“Regina, I am going to tell you something. Bar the windows, lock the doors, shut it up for ever, close in your own heart. A few nights ago, I went with an English friend to the Conversationshaus. When we had leaned awhile against one of the columns, and watched the dancers in the magnificent saloon, he proposed to show me the grand gambling-room.
“As we walked slowly along, listening to the click of the gold that pattered down from trembling hands, I saw, sitting at a Roulette table, deeply immersed in the game (never tell it!) Belmont Eggleston. Not the same classic, god-like face that I would once have followed straight to Hades—not the man upon whom I wasted all the love that God gives a woman to glorify her life and home; but a flushed, bloated creature, as unlike the Belmont of my hopes and dreams as ‘Hyperion to a Satyr!’ I watched him till my very soul turned sick, and all Pandemonium seemed to have joined in a jeer at my former infatuation. Next day, I saw him reel from a saloon to the steps of his wife’s carriage. Years ago, when Erle Palma told me that my darling drank and gambled, I denied it; and in return for the warning, emptied more wrath upon my informer than all the Apocalyptic vials held. Ah! for poor Belmont, I fought as fiercely as a tawny tigress, when her youngest cub is captured by the hunters. Ashes! Bitter ashes of love and trust! Truly ’there is no pardon for desecrated ideals.’ I have lived to learn that—
’Man
trusts in God;
He
is eternal. Woman trusts in man,
And
he is shifting sand.’”
“Regina!”
The girl looked up, and saw her uncle with an open letter in his hand.
“What is it? Some bad news!”
“Dear little girl, you are indeed fatherless now.”

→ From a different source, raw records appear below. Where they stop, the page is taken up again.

Definition saddle_point (R : realType) (X Y : normedModType R)
  (L : X -> Y -> R) (xs : X) (ls : Y) : Prop :=
  forall (x : X) (l : Y), L xs l <= L xs ls /\ L xs ls <= L x ls.

(* Components of the operator T(x,l) = (grad f x + A^* l, b - A x). *)
Definition T1 (R : realType) (X Y : normedModType R)
  (gf : X -> X) (As : Y -> X) (x : X) (l : Y) : X := gf x + As l.
Definition T2 (R : realType) (X Y : normedModType R)
  (A : X -> Y) (b : Y) (x : X) : Y := b - A x.

(* f = O(g) as t -> +oo (the unfolding of MathComp-Analysis' bigO with the
   filter +oo on R, which has no canonical filter_on instance usable by the
   =O_ notation). *)
Definition bigO_pinfty (R : realType) (f g : R -> R) : Prop :=
  exists k : R, \forall t \near +oo, `|f t| <= k * `|g t|.

From HB Require Import structures.
From mathcomp Require Import all_boot all_order all_algebra.
From mathcomp Require Import all_classical all_reals all_analysis.
From mathcomp Require Import ring lra.
Import Order.TTheory GRing.Theory Num.Theory.
Import numFieldNormedType.Exports.
Local Open Scope classical_set_scope.
Local Open Scope ring_scope.
Set Implicit Arguments. Unset Strict Implicit.

(* Write z = (x, l) and F_e z = -(T z + e z), so that (AHT) reads z' = F_eps(t) z.
   Monotonicity of T gives, for all e, e', z, w,
     <F_e z - F_e' w, z - w> <= -(e + e')/2 |z - w|^2 - (e - e')/2 (|z|^2 - |w|^2).
   Against a zero z* of T this bounds the trajectory and gives |z_t| <= |z*|.
   Against the shifted trajectory z(. + h) it shows that
     E_h(s) = |z(s + h) - z(s)|^2 + (eps(s + h) - eps(s)) \int_s^(s+h) |z|^2
   satisfies E_h' + (eps(s) + eps(s + h)) E_h <= 0 as long as eps' + eps^2 is
   nonincreasing, so E_h(s) P(s) P(s + h) decreases, where P = exp rho.  Since
   P eps is nondecreasing (eps' + eps^2 >= 0), E_h(t) <= K h^2 eps(t)^2, and
   h -> 0 gives |z'(t)| = O(eps(t)).  Hence z' + eps (z - z_t) = -(T z - T z_t)
   is O(eps): its square is O(eps^2), stronger than the claimed O(e^(-2 rho) + eps^2). *)

Section InnerProduct.
Variables (R : realType) (V : normedModType R) (ip : V -> V -> R).
Hypothesis hip : is_inner_product ip.

Lemma ipC x y : ip x y = ip y x. Proof. by case: hip. Qed.

Lemma ipvv x : ip x x = `|x| ^+ 2. Proof. by case: hip => _ [] _ ->. Qed.

Lemma ip0l z : ip 0 z = 0.
Proof.
have [_ [+ _]] := hip => /(_ 1 0 0 z); rewrite scaler0 addr0 mul1r; lra.
Qed.

Lemma ipZl a x z : ip (a *: x) z = a * ip x z.
Proof. by have [_ [+ _]] := hip => /(_ a x 0 z); rewrite !addr0 ip0l addr0. Qed.

Lemma ipDl x y z : ip (x + y) z = ip x z + ip y z.
Proof. by have [_ [+ _]] := hip => /(_ 1 x y z); rewrite scale1r mul1r. Qed.

Lemma ipNl x z : ip (- x) z = - ip x z.
Proof. by rewrite -scaleN1r ipZl mulN1r. Qed.

Lemma ipBl x y z : ip (x - y) z = ip x z - ip y z.
Proof. by rewrite ipDl ipNl. Qed.

Lemma ipZr a x z : ip z (a *: x) = a * ip z x.
Proof. by rewrite ipC ipZl ipC. Qed.

Lemma ipDr x y z : ip z (x + y) = ip z x + ip z y.
Proof. by rewrite ipC ipDl !(ipC z). Qed.

Lemma ipBr x y z : ip z (x - y) = ip z x - ip z y.
Proof. by rewrite ipC ipBl !(ipC z). Qed.

Lemma sqr_normD x y : `|x + y| ^+ 2 = `|x| ^+ 2 + 2 * ip x y + `|y| ^+ 2.
Proof. by rewrite -!ipvv ipDl !ipDr (ipC y x); ring. Qed.

Lemma sqr_normB x y : `|x - y| ^+ 2 = `|x| ^+ 2 - 2 * ip x y + `|y| ^+ 2.
Proof. by rewrite -!ipvv ipBl !ipBr (ipC y x); ring. Qed.

Lemma ip_polarization x y : ip x y = (`|x + y| ^+ 2 - `|x - y| ^+ 2) / 4.
Proof. by rewrite sqr_normD sqr_normB; field. Qed.

Lemma ip_le_sqr_norm x y : 2 * ip x y <= `|x| ^+ 2 + `|y| ^+ 2.
Proof. by have := sqr_normB x y; have := sqr_ge0 (`|x - y| : R); lra. Qed.

Lemma sqr_normD_le (x y : V) : `|x + y| ^+ 2 <= 2 * `|x| ^+ 2 + 2 * `|y| ^+ 2.
Proof. by have := ip_le_sqr_norm x y; rewrite sqr_normD; lra. Qed.

Lemma ip_scale_diff (a c : R) x y :
  ip (a *: x - c *: y) (x - y)
  = (a + c) / 2 * `|x - y| ^+ 2 + (a - c) / 2 * (`|x| ^+ 2 - `|y| ^+ 2).
Proof.
by rewrite sqr_normB -!ipvv ipBl !ipBr !ipZl (ipC y x); field.
Qed.

End InnerProduct.

Section DifferenceQuotient.
Variables (R : realType) (V : normedModType R).

Lemma is_deriveP (f : R -> V) (t : R) (d : V) :
  is_derive t 1 f d <-> (fun h => h^-1 *: (f (t + h) - f t)) @ 0^' --> d.
Proof.
have E : (fun h : R => h^-1 *: ((f \o shift t) (h *: 1) - f t)) =
         (fun h => h^-1 *: (f (t + h) - f t)).
  by apply/funext => h /=; rewrite [h *: 1]mulr1 [h + t]addrC.
split => [[df <-]|H].
  by move: df; rewrite /derivable /derive E.
split; first by apply/cvg_ex; exists d; rewrite /= E.
by rewrite /derive E; apply: cvg_lim.
Qed.

Lemma is_derive_translate (f : R -> V) (t h : R) (d : V) :
  is_derive (t + h) 1 f d -> is_derive t 1 (fun s => f (s + h)) d.
Proof.
move=> /is_deriveP H; apply/is_deriveP.
by under eq_fun => k do rewrite addrAC.
Qed.

Lemma continuous_at_shift (f : R -> V) (t : R) :
  {for t, continuous f} -> (fun h => f (t + h)) @ 0^' --> f t.
Proof.
move=> cf; apply: (continuous_cvg _ cf).
rewrite -[X in _ --> X]addr0; apply: cvgD; first exact: cvg_cst.
exact: cvg_within.
Qed.

Lemma derivable1_is_derive (f : R -> V) (t : R) :
  derivable f t 1 -> is_derive t 1 f (derive1 f t).
Proof. by rewrite derive1E; exact: derivableP. Qed.

End DifferenceQuotient.

Section RealCalculus.
Variable R : realType.

Lemma within_segment_continuous (V : topologicalType) (f : R -> V) (a b : R) :
  (forall u, a <= u <= b -> {for u, continuous f}) -> {within `[a, b], continuous f}.
Proof.
by move=> fc; apply: continuous_in_subspaceT => u; rewrite inE /= in_itv /= => /fc.
Qed.

Lemma EVT_ubound (f : R -> R) (a b : R) : a <= b ->
  (forall u, a <= u <= b -> {for u, continuous f}) ->
  exists M, forall u, a <= u <= b -> f u <= M.
Proof.
move=> ab /within_segment_continuous fc; have [c _ fc_max] := EVT_max ab fc.
by exists (f c) => u uab; apply: fc_max; rewrite in_itv.
Qed.

Lemma MVT_segment_is_derive (f df : R -> R) (a b : R) : a <= b ->
  (forall u, a <= u <= b -> is_derive u 1 f (df u)) ->
  exists2 c, a <= c <= b & f b - f a = df c * (b - a).
Proof.
move=> ab fd.
have [||c + ->] := @MVT_segment _ f df a b ab.
- by move=> u; rewrite in_itv /= => /andP[au ub]; apply: fd; rewrite !ltW.
- apply: within_segment_continuous => u /fd [].
  by move/derivable1_diffP/differentiable_continuous.
by rewrite in_itv /=; exists c.
Qed.

Lemma is_derive_le0_nincr (f df : R -> R) (a : R) :
  (forall t, a < t -> is_derive t 1 f (df t)) -> (forall t, a < t -> df t <= 0) ->
  forall u v, a < u -> u <= v -> f v <= f u.
Proof.
move=> fd df_le0 u v au uv.
have [c /andP[uc _] E] :=
  MVT_segment_is_derive uv (fun s hs => fd s (lt_le_trans au (andP hs).1)).
by rewrite -subr_le0 E mulr_le0_ge0 ?subr_ge0 // df_le0 // (lt_le_trans au).
Qed.

Lemma is_derive_ge0_ndecr (f df : R -> R) (a : R) :
  (forall t, a < t -> is_derive t 1 f (df t)) -> (forall t, a < t -> 0 <= df t) ->
  forall u v, a < u -> u <= v -> f u <= f v.
Proof.
move=> fd df_ge0 u v au uv; rewrite -lerN2.
apply: (is_derive_le0_nincr (f := fun t => - f t) (df := fun t => - df t) (a := a)) => // t at_.
- exact/is_deriveN/fd.
- by rewrite oppr_le0 df_ge0.
Qed.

She bent her head upon the ledge of the window, and after a moment Mr. Chesley sighed, and smoothed her hair.
“With all his faults, he was still your father; and having had several interviews with him in Paris, I was convinced he was more ‘sinned against than sinning,’ though of course he knew that he could never have legally married again while Minnie lived. God help us to forgive, even as we need and hope to be forgiven.”